先知也遇到了前所未有的難題,他苦思冥想。想得頭髮一夜間染上白霜,想得面目變得瘡痍,都沒有想到一個好的解決辦法。

先知長嘆一聲!看來人類的災厄,無法避免,只能用天意來定奪。他知道暗黑森林裏還有一種另類生物,巨鳥!巨鳥暗黑森林唯一一隻可以說人話的鳥。

先知要想從它口裏得知那一顆是善,那一顆是惡,就得犧牲掉嬰兒其中一顆必須放棄的頭顱。嬰兒嗷嗷叫着,很弱小的樣子,被先知用自己的衣衫殘袍給包裹住送到巨鳥面前。

巨鳥的眸光透着貪婪和望欲,一動不動地盯着動手動腳,呀呀側小嘴的嬰兒。忽然震動巨大的翅膀,倏然展開來,遮擋住先知的視線,猛然一口啄食掉嬰兒其中一顆頭顱,並且及時吐出神奇的唾液止住嬰兒頭顱下面的血液。

巨鳥的唾液不但可以止血,還可以起到融合創口的奇效。要不然先知也不會,冒這麼大的風險,把嬰兒抱來讓巨鳥抉擇出善惡來。

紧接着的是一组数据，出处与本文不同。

Lemma cabs_ip_le_hnorm x y : unit_sphere ip x -> cabs (ip y x) <= hnorm ip y.
Proof.
move=> /unit_sphere_ip x1; set l := ip y x.
have : 0 <= ip (y + (- l) *: x) (y + (- l) *: x) by exact: ip_ge0.
have -> : ip (y + (- l) *: x) (y + (- l) *: x) = ip y y - l * l^*%C.
  by rewrite ipDl !ipDr !ipZl !ipZr x1 -/l (ipC y x) -/l rmorphN /=; ring.
rewrite subr_ge0 -normCK ip_hnorm normc_cabs -rmorphXn lecR.
by rewrite ler_sqr ?nnegrE ?cabs_ge0 ?sqrtr_ge0.
Qed.

End InnerProduct.

Section NumericalRadius.
Variables (R : realType) (V : lmodType R[i]) (ip : V -> V -> R[i]).

Definition numrange_abs (T : V -> V) : set R :=
  [set cabs (ip (T x) x) | x in unit_sphere ip].

Lemma numrad_empty_sphere (T : V -> V) :
  ~ (exists x, unit_sphere ip x) -> numrad ip T = 0.
Proof.
move=> no_unit; rewrite /numrad (_ : [set _ | _ in _] = set0) ?sup0 //.
by apply/seteqP; split => // y [x ux _]; apply: no_unit; exists x.
Qed.

Lemma numrad_le (T : V -> V) (K : R) : 0 <= K ->
  (forall x, unit_sphere ip x -> cabs (ip (T x) x) <= K) -> numrad ip T <= K.
Proof.
move=> K0 TK; have [[x0 ux0]|no_unit] := pselect (exists x, unit_sphere ip x).
  by apply: ge_sup => [|_ [x ux <-]]; [exists (cabs (ip (T x0) x0)), x0 | exact: TK].
by rewrite numrad_empty_sphere.
Qed.

Lemma le_numrad {T : V -> V} {x : V} : has_ubound (numrange_abs T) ->
  unit_sphere ip x -> cabs (ip (T x) x) <= numrad ip T.
Proof. by move=> ubT ux; apply: ub_le_sup => //; exists x. Qed.

Lemma numrad_ge0 (T : V -> V) : has_ubound (numrange_abs T) -> 0 <= numrad ip T.
Proof.
move=> ubT; have [[x ux]|no_unit] := pselect (exists x, unit_sphere ip x).
  exact: le_trans (cabs_ge0 _) (le_numrad ubT ux).
by rewrite numrad_empty_sphere.
Qed.

End NumericalRadius.

Section AdjointCombination.
Variables (R : realType) (V : lmodType R[i]) (ip : V -> V -> R[i]).
Variables (A As : V -> V).
Hypothesis ip_inner : is_inner_product ip.
Hypothesis A_bounded : is_bounded_op ip A.
Hypothesis A_adjoint : is_adjoint ip A As.

Definition adj_comb (a b : R) (x : V) : V := a%:C%C *: A x + b%:C%C *: As x.

Lemma ip_adj_comb a b x :
  ip (adj_comb a b x) x = a%:C%C * ip (A x) x + b%:C%C * (ip (A x) x)^*%C.
Proof.
by rewrite /adj_comb (ipDZl ip_inner) (ipZl ip_inner) (ipC ip_inner x (As x)) -A_adjoint.
Qed.

Lemma numrange_abs_bounded : has_ubound (numrange_abs ip A).
Proof.
case: A_bounded => _ [M AM]; exists M => _ [x ux <-].
apply: le_trans (cabs_ip_le_hnorm ip_inner _ ux) _.
by have := AM x; rewrite (ux : hnorm ip x = 1) mulr1.
Qed.

Lemma numradA_ge0 : 0 <= numrad ip A.
Proof. exact: numrad_ge0 numrange_abs_bounded. Qed.

Lemma cabs_ip_adj_comb_le a b x : unit_sphere ip x ->
  cabs (ip (adj_comb a b x) x) <= Num.max `|a + b| `|a - b| * numrad ip A.
Proof.
move=> ux; rewrite ip_adj_comb; apply: le_trans (cabs_combJ_le _ _ _) _.
apply: ler_wpM2l; first by rewrite le_max normr_ge0.
exact: le_numrad numrange_abs_bounded ux.
Qed.

Lemma numrange_abs_adj_comb_bounded a b : has_ubound (numrange_abs ip (adj_comb a b)).
Proof. by eexists => _ [x ux <-]; exact: cabs_ip_adj_comb_le. Qed.

Lemma numrad_adj_comb_le a b :
  numrad ip (adj_comb a b) <= Num.max `|a + b| `|a - b| * numrad ip A.
Proof.
apply: numrad_le; last exact: cabs_ip_adj_comb_le.
by rewrite mulr_ge0 ?numradA_ge0 ?le_max ?normr_ge0.
Qed.

Lemma numrad_adj_comb_ge a b :
  Num.min `|a + b| `|a - b| * numrad ip A <= numrad ip (adj_comb a b).
Proof.
set m := Num.min _ _; have m0 : 0 <= m by rewrite le_min !normr_ge0.
have ub_comb := numrange_abs_adj_comb_bounded a b.
have [->|m_neq0] := eqVneq m 0; first by rewrite mul0r numrad_ge0.
have m_gt0 : 0 < m by rewrite lt_def m_neq0.
rewrite mulrC -ler_pdivlMr //; apply: numrad_le => [|x ux].
  by rewrite divr_ge0 ?numrad_ge0 ?ltW.
rewrite ler_pdivlMr // mulrC; apply: le_trans (le_numrad ub_comb ux).
by rewrite ip_adj_comb; exact: cabs_combJ_ge.
Qed.

Lemma numrad_adj_comb_lipschitz :
  lipschitz2 (fun a b => numrad ip (adj_comb a b)) (numrad ip A).
Proof.
move=> a b a' b'.
suff one_side c d c' d' : numrad ip (adj_comb c d) <=
    numrad ip (adj_comb c' d') + numrad ip A * (`|c - c'| + `|d - d'|).
  have := one_side a b a' b'; have := one_side a' b' a b.
  by rewrite (distrC a') (distrC b') ler_norml => *; apply/andP; split; lra.
apply: numrad_le => [|x ux].
  apply: addr_ge0; first exact: numrad_ge0 (numrange_abs_adj_comb_bounded _ _).
  by rewrite mulr_ge0 ?numradA_ge0 ?addr_ge0.
rewrite !ip_adj_comb; apply: le_trans (cabs_combJ_lipschitz _ _ c' d' _) _.
rewrite -ip_adj_comb mulrC; apply: lerD.
  exact: le_numrad (numrange_abs_adj_comb_bounded _ _) ux.
by apply: ler_wpM2r; [rewrite addr_ge0 | exact: le_numrad numrange_abs_bounded ux].
Qed.

End AdjointCombination.

Section ContinuousOn01.
Variable R : realType.

Lemma continuous_on01_within (f : R -> R) :
  continuous_on01 f -> {within `[0, 1], continuous f}.
Proof.
move=> cf; apply/subspace_continuousP => x /=; rewrite in_itv => x01.
apply/cvgrPdist_lt => e e0; have [d d0 fd] := cf x x01 e e0.
apply/nbhs_ballP; exists d => //= y xy; rewrite in_itv => y01.
exact: fd.
Qed.

Lemma continuous_on01_integrable (f : R -> R) : continuous_on01 f ->
  (@lebesgue_measure R).-integrable `[0, 1] (EFin \o f).
Proof.
move=> cf; apply: continuous_compact_integrable; first exact: segment_compact.
exact: continuous_on01_within.
Qed.

Lemma continuous_on01_lipschitz2_comp (G : R -> R -> R) (L : R) (phi psi : R -> R) :
  0 <= L -> lipschitz2 G L -> continuous_on01 phi -> continuous_on01 psi ->
  continuous_on01 (fun t => G (phi t) (psi t)).
Proof.
move=> L0 G_lip cphi cpsi x x01 e e0.
(* [L + 1] rather than [L], which may vanish. *)
have L1 : 0 < L + 1 by lra.
set e' := e / (2 * (L + 1)).
have e'0 : 0 < e' by rewrite divr_gt0 // mulr_gt0.
have [d1 d1_gt0 phi_d1] := cphi x x01 e' e'0.
have [d2 d2_gt0 psi_d2] := cpsi x x01 e' e'0.
exists (Num.min d1 d2) => [|y y01]; first by rewrite lt_min d1_gt0 d2_gt0.
rewrite lt_min => /andP[/(phi_d1 y y01) phi_xy /(psi_d2 y y01) psi_xy].
apply: le_lt_trans (G_lip _ _ _ _) _.
apply: (@le_lt_trans _ _ ((L + 1) * (`|phi x - phi y| + `|psi x - psi y|))).
  by apply: ler_wpM2r; [rewrite addr_ge0 | lra].
have -> : e = (L + 1) * (e' + e') by rewrite /e'; field; rewrite gt_eqF.
by rewrite ltr_pM2l // ltrD.
Qed.

End ContinuousOn01.

Theorem corollary4p4 (R : realType) (V : lmodType R[i]) (ip : V -> V -> R[i])
  (phi psi : R -> R) (A As : V -> V) :
  is_hilbert ip ->
  continuous_on01 phi ->
  continuous_on01 psi ->
  is_bounded_op ip A ->
  is_adjoint ip A As ->
  (Rintegral lebesgue_measure `[0%R, 1%R]
     (fun t => Num.min `|phi t + psi t| `|phi t - psi t|)) * numrad ip A
  <= Rintegral lebesgue_measure `[0%R, 1%R] (omega_t ip phi psi A As)
  /\
  Rintegral lebesgue_measure `[0%R, 1%R] (omega_t ip phi psi A As)
  <= (Rintegral lebesgue_measure `[0%R, 1%R]
     (fun t => Num.max `|phi t + psi t| `|phi t - psi t|)) * numrad ip A.
Proof.
move=> [ip_inner _] cphi cpsi A_bounded A_adjoint.
have radA_ge0 := numradA_ge0 ip_inner A_bounded.
have integrable_comp G L : 0 <= L -> lipschitz2 G L ->
    (@lebesgue_measure R).-integrable `[0, 1] (EFin \o (fun t => G (phi t) (psi t))).
  move=> L0 G_lip; apply: continuous_on01_integrable.
  exact: continuous_on01_lipschitz2_comp G_lip cphi cpsi.
have int_omega := integrable_comp _ _ radA_ge0
  (numrad_adj_comb_lipschitz ip_inner A_bounded A_adjoint).
have int_min := integrable_comp _ _ ler01 (@lipschitz2_min_abs_addsub R).
have int_minA := integrable_comp _ _ (mulr_ge0 radA_ge0 ler01)
  (lipschitz2_scale radA_ge0 (@lipschitz2_min_abs_addsub R)).
have int_max := integrable_comp _ _ ler01 (@lipschitz2_max_abs_addsub R).
have int_maxA := integrable_comp _ _ (mulr_ge0 radA_ge0 ler01)
  (lipschitz2_scale radA_ge0 (@lipschitz2_max_abs_addsub R)).
split; rewrite -RintegralZr //; apply: le_Rintegral => // t _.
  exact: numrad_adj_comb_ge.
exact: numrad_adj_comb_le.
Qed.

嬰兒沒有哭鬧,全靠巨鳥的唾沫。它的唾沫起到麻醉作用,在血液止住傷口癒合後,那顆放棄的頭顱在被巨鳥啄食後,只是給嬰兒帶來螞蟻尾刺夾一下那麼丁點疼痛感。

但是先知還得儘快把嬰兒抱走,並且隱藏起來。因爲他知道巨鳥就一貪婪成性的傢伙,嬰兒的頭顱鮮嫩可口。一旦它飢餓時,就會不擇手段的想要吃掉整個嬰兒。 101 未知謀略(寒梅鎮)

巨鳥一對滴溜溜轉動的眼珠子。就像一面凹凸鏡,看着先知的身影消逝在視線裏,勾形嘴角張開來,一下子就吐出啄食掉的那顆嬰兒頭顱。

沒有身子的嬰兒,最終落在暗黑森林精怪的手中。先知怎麼也沒有預料到,曾經受過他恩惠的巨鳥,早就給精怪狼狽爲奸,達成同盟軍預備要大舉進犯地球上的人類。

巨鳥啄食下的是善,留下在身子上的惡。當然這些,先知是無法預料到的。

精怪利用自己的力量,賜予了善一副不同於人類的軀體。蝙蝠的身子,人的頭顱,帶着巨大的翅膀翱翔在暗黑森林上空。以吸食血液爲主,吞噬腐肉,霸佔人類靈魂,成爲精怪之後的暗黑森林,第二統治人選。

先知帶着惡,東躲西藏,最終把他交付給上帝,成爲懲惡揚善的驅魔人。

鍾奎似乎陷入在對故事的回味中,粗眉毛擰得就像麻繩。久久凝視着那部書上,那一行他看不懂的文字出神。

蔣蓉問:“這個故事的寓意是什麼?”

誌慶意味深長的瞥了她一眼道:“環境塑造人的特性,人羣造就人的本性。但是環境可以造就一個人,也會毀掉一個人。”